[Opening Source records section]

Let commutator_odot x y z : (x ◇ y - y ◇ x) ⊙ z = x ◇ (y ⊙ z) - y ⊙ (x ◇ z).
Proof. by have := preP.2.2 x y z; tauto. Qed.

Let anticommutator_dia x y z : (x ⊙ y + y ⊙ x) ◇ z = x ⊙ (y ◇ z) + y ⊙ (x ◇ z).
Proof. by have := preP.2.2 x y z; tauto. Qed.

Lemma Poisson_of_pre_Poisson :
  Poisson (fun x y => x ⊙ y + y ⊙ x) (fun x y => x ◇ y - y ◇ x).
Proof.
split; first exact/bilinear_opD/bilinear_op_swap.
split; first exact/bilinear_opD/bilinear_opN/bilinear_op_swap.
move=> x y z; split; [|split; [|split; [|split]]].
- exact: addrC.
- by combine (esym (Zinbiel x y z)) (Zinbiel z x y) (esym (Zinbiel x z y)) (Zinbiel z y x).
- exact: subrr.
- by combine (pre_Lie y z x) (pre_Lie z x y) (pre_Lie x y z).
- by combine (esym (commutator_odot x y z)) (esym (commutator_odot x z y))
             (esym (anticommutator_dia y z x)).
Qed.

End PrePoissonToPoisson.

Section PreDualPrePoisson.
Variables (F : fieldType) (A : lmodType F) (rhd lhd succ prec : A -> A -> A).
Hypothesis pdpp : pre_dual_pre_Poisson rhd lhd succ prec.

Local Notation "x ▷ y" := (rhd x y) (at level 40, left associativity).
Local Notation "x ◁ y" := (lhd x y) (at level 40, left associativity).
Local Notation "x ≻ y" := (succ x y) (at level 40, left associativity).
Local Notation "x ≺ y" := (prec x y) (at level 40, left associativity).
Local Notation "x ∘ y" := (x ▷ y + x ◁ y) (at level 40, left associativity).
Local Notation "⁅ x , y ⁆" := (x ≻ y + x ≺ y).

[Closing Source records section]
[Opening Source records section]

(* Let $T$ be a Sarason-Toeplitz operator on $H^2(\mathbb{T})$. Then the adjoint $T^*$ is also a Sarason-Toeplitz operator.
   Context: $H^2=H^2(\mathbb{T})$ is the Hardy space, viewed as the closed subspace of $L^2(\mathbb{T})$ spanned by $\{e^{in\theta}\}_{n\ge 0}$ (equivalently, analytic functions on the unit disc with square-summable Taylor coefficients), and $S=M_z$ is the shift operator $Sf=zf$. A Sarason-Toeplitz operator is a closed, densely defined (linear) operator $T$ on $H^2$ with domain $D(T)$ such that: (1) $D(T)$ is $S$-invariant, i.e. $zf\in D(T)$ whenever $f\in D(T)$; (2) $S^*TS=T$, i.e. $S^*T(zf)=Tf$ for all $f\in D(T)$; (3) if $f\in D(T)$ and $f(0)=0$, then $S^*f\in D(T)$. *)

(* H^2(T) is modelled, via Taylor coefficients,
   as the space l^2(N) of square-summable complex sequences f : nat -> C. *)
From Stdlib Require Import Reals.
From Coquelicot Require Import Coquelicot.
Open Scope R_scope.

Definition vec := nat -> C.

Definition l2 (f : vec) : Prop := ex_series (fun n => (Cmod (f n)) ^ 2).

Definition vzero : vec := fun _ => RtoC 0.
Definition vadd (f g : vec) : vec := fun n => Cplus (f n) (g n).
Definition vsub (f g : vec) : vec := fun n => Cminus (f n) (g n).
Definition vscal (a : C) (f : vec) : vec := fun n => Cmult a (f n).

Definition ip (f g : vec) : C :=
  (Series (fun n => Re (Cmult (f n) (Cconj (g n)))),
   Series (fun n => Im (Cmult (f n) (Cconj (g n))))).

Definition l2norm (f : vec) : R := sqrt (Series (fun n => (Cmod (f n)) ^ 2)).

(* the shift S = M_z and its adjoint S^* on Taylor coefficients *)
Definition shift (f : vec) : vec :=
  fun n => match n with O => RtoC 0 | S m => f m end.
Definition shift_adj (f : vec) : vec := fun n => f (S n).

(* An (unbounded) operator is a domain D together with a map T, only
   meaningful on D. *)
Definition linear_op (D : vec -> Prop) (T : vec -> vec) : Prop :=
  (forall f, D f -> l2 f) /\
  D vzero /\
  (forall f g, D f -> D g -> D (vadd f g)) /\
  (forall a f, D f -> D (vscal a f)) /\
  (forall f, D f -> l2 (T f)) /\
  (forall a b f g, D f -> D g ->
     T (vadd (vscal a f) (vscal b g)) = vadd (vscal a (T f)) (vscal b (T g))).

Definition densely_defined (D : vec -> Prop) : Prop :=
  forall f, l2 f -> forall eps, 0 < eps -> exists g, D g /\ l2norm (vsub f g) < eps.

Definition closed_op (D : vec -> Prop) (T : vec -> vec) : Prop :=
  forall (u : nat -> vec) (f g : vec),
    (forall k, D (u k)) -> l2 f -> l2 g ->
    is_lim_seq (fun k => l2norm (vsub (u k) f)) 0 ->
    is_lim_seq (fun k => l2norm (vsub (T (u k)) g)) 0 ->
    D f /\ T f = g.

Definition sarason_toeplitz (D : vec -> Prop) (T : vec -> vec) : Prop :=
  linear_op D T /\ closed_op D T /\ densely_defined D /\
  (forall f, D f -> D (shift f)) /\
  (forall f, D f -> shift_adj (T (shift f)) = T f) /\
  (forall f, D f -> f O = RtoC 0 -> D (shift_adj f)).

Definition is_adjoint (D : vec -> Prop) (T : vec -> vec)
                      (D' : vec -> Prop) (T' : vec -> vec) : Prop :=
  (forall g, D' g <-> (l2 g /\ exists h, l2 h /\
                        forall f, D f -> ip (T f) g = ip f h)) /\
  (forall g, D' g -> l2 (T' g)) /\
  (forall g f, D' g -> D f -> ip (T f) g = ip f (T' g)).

[Closing Source records section]

Look over the listing. Pull out every line with the string "exists" in it.

- Answer section -
  forall f, l2 f -> forall eps, 0 < eps -> exists g, D g /\ l2norm (vsub f g) < eps.
  (forall g, D' g <-> (l2 g /\ exists h, l2 h /\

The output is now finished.